Prompt:
Using the records below, transcribe word for word the stretch from the line that contains "Variable T : finType." through the line that contains "Variables (R : realType) (T", both end lines included, and nothing else.

Records from a dataset:
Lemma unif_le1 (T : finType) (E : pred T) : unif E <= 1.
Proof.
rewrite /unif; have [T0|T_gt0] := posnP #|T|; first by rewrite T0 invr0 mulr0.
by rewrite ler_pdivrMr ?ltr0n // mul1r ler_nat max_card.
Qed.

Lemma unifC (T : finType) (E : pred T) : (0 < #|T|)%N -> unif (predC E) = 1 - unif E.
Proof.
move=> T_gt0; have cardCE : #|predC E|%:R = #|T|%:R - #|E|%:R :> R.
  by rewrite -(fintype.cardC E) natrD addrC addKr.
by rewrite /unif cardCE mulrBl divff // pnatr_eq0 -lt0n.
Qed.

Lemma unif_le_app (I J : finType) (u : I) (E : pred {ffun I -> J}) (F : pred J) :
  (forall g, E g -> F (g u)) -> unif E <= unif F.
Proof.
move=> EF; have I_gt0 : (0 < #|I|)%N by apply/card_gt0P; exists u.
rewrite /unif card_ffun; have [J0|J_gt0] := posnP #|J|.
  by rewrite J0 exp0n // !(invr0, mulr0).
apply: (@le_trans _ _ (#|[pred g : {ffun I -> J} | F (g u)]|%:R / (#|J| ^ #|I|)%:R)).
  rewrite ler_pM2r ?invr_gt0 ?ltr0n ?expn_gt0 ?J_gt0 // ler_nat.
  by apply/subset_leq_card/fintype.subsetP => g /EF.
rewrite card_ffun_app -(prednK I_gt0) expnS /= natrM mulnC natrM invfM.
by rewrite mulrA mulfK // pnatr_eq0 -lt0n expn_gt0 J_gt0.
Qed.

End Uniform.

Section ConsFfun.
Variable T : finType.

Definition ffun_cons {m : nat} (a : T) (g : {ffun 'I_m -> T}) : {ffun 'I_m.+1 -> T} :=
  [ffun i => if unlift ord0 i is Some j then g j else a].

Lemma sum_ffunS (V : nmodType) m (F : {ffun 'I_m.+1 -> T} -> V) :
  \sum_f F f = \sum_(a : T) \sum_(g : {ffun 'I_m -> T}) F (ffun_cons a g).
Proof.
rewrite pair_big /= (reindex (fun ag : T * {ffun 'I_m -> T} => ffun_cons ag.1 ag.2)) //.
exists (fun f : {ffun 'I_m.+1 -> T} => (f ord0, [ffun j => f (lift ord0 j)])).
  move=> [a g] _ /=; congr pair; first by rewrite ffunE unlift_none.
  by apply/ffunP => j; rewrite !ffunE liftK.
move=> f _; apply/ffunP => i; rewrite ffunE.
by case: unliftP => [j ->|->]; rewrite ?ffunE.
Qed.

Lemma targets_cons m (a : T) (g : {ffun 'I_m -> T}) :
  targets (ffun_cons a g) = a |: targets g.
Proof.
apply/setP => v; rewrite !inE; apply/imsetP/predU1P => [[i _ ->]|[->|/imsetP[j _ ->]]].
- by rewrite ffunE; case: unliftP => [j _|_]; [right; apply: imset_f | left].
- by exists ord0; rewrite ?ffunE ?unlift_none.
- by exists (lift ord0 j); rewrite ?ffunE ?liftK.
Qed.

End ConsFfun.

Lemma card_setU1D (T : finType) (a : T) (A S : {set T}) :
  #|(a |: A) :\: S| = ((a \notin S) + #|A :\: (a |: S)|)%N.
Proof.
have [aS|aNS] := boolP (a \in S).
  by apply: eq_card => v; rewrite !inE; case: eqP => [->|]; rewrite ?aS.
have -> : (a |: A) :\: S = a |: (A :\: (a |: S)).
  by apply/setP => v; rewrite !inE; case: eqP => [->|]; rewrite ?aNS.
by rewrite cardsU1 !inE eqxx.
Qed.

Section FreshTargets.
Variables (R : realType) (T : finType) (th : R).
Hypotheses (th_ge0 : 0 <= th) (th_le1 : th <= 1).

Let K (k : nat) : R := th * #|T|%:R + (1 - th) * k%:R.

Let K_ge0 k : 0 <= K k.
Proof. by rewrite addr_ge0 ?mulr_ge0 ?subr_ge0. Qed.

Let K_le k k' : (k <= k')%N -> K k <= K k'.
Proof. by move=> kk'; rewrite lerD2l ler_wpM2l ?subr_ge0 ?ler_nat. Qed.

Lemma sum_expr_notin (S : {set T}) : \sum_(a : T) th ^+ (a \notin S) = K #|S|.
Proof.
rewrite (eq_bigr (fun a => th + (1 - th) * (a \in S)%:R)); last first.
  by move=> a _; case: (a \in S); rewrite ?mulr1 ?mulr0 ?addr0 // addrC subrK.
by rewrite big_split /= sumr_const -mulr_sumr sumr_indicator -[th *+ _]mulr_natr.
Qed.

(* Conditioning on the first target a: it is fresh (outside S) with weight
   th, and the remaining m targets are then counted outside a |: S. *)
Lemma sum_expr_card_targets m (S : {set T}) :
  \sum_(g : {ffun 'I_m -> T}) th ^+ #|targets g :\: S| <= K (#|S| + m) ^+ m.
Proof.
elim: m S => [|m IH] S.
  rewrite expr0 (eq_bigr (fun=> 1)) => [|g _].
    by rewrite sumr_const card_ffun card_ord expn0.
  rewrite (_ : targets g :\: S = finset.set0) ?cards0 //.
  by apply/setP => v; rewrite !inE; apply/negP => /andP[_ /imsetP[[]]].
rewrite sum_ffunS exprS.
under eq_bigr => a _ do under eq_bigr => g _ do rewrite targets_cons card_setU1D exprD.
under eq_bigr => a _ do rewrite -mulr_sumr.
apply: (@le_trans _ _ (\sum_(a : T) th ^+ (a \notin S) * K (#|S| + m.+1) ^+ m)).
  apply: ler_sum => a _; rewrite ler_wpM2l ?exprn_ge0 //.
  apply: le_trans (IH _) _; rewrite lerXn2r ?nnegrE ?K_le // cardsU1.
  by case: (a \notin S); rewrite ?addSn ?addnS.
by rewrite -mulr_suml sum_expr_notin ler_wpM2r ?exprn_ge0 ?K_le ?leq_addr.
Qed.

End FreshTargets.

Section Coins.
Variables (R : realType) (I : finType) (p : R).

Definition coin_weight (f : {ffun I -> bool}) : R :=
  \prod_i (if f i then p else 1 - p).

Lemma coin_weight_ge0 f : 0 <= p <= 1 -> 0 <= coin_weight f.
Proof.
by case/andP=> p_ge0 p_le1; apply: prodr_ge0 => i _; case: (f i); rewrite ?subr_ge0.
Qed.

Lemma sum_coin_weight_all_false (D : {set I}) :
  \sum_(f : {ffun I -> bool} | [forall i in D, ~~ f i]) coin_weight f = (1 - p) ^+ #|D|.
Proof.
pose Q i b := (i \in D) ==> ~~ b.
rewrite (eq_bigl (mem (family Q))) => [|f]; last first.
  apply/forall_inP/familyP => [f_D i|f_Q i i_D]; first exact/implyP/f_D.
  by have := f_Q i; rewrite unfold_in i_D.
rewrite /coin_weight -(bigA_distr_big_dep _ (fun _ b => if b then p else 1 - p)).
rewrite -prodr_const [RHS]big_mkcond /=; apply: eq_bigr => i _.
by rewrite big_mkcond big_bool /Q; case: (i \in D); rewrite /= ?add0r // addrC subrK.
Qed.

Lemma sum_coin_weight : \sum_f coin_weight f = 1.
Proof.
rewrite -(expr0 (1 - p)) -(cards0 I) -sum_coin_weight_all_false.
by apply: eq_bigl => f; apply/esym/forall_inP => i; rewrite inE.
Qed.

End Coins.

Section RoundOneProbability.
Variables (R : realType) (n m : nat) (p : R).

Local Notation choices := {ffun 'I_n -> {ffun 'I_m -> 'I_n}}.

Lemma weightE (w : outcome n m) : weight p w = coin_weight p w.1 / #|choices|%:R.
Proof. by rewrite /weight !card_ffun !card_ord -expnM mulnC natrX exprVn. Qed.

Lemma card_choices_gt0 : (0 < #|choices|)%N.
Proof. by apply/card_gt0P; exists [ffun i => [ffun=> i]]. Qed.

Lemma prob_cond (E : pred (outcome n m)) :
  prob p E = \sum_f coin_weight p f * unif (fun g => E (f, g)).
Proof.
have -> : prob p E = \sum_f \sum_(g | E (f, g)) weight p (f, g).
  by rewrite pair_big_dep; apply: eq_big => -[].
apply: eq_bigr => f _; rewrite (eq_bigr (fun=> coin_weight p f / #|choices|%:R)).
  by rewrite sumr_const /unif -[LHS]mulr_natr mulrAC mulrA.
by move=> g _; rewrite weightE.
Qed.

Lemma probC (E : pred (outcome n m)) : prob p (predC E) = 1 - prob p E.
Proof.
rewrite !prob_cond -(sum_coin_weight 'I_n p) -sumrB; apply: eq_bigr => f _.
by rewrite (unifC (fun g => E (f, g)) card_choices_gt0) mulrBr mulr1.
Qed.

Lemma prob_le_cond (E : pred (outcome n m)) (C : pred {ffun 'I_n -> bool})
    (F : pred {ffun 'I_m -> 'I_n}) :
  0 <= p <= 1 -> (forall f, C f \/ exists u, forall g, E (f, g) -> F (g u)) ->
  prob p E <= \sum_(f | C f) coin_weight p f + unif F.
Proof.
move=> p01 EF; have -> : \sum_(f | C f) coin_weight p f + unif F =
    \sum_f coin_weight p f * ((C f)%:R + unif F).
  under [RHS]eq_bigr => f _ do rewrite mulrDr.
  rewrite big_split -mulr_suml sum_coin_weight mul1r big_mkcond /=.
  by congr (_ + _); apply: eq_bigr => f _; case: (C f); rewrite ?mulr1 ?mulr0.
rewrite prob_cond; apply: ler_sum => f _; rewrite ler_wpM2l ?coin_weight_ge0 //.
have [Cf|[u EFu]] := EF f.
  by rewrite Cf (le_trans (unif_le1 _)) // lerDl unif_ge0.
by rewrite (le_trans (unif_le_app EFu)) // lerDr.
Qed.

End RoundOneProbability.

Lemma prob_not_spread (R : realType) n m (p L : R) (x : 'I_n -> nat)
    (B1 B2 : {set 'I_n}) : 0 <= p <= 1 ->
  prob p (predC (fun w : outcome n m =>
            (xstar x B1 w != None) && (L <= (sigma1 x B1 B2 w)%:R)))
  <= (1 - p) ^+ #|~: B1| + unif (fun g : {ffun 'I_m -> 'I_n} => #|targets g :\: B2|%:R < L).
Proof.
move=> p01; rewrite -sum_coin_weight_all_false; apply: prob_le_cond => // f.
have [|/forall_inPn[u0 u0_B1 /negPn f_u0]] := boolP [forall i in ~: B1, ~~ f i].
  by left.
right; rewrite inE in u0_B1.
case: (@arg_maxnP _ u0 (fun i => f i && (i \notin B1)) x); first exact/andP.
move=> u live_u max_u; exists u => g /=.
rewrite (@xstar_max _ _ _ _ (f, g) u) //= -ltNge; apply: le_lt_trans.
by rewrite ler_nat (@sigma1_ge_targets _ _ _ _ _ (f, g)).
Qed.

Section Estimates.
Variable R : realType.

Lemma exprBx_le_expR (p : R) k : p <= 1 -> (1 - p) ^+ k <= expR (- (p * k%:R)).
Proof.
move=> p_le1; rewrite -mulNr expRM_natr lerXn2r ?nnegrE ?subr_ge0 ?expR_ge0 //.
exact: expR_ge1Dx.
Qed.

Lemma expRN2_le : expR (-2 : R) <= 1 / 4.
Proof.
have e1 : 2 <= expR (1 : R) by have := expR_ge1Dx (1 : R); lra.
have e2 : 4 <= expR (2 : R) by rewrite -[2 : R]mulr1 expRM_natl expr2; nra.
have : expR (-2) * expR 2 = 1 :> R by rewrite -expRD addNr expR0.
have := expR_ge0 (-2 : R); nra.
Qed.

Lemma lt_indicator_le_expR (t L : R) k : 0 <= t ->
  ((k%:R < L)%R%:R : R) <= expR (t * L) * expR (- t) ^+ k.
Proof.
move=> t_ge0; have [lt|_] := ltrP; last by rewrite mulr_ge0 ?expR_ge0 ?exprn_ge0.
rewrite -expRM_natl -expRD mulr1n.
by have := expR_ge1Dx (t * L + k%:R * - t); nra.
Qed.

Reply to the task:
Variable T : finType.

Definition ffun_cons {m : nat} (a : T) (g : {ffun 'I_m -> T}) : {ffun 'I_m.+1 -> T} :=
  [ffun i => if unlift ord0 i is Some j then g j else a].

Lemma sum_ffunS (V : nmodType) m (F : {ffun 'I_m.+1 -> T} -> V) :
  \sum_f F f = \sum_(a : T) \sum_(g : {ffun 'I_m -> T}) F (ffun_cons a g).
Proof.
rewrite pair_big /= (reindex (fun ag : T * {ffun 'I_m -> T} => ffun_cons ag.1 ag.2)) //.
exists (fun f : {ffun 'I_m.+1 -> T} => (f ord0, [ffun j => f (lift ord0 j)])).
  move=> [a g] _ /=; congr pair; first by rewrite ffunE unlift_none.
  by apply/ffunP => j; rewrite !ffunE liftK.
move=> f _; apply/ffunP => i; rewrite ffunE.
by case: unliftP => [j ->|->]; rewrite ?ffunE.
Qed.

Lemma targets_cons m (a : T) (g : {ffun 'I_m -> T}) :
  targets (ffun_cons a g) = a |: targets g.
Proof.
apply/setP => v; rewrite !inE; apply/imsetP/predU1P => [[i _ ->]|[->|/imsetP[j _ ->]]].
- by rewrite ffunE; case: unliftP => [j _|_]; [right; apply: imset_f | left].
- by exists ord0; rewrite ?ffunE ?unlift_none.
- by exists (lift ord0 j); rewrite ?ffunE ?liftK.
Qed.

End ConsFfun.

Lemma card_setU1D (T : finType) (a : T) (A S : {set T}) :
  #|(a |: A) :\: S| = ((a \notin S) + #|A :\: (a |: S)|)%N.
Proof.
have [aS|aNS] := boolP (a \in S).
  by apply: eq_card => v; rewrite !inE; case: eqP => [->|]; rewrite ?aS.
have -> : (a |: A) :\: S = a |: (A :\: (a |: S)).
  by apply/setP => v; rewrite !inE; case: eqP => [->|]; rewrite ?aNS.
by rewrite cardsU1 !inE eqxx.
Qed.

Section FreshTargets.
Variables (R : realType) (T : finType) (th : R).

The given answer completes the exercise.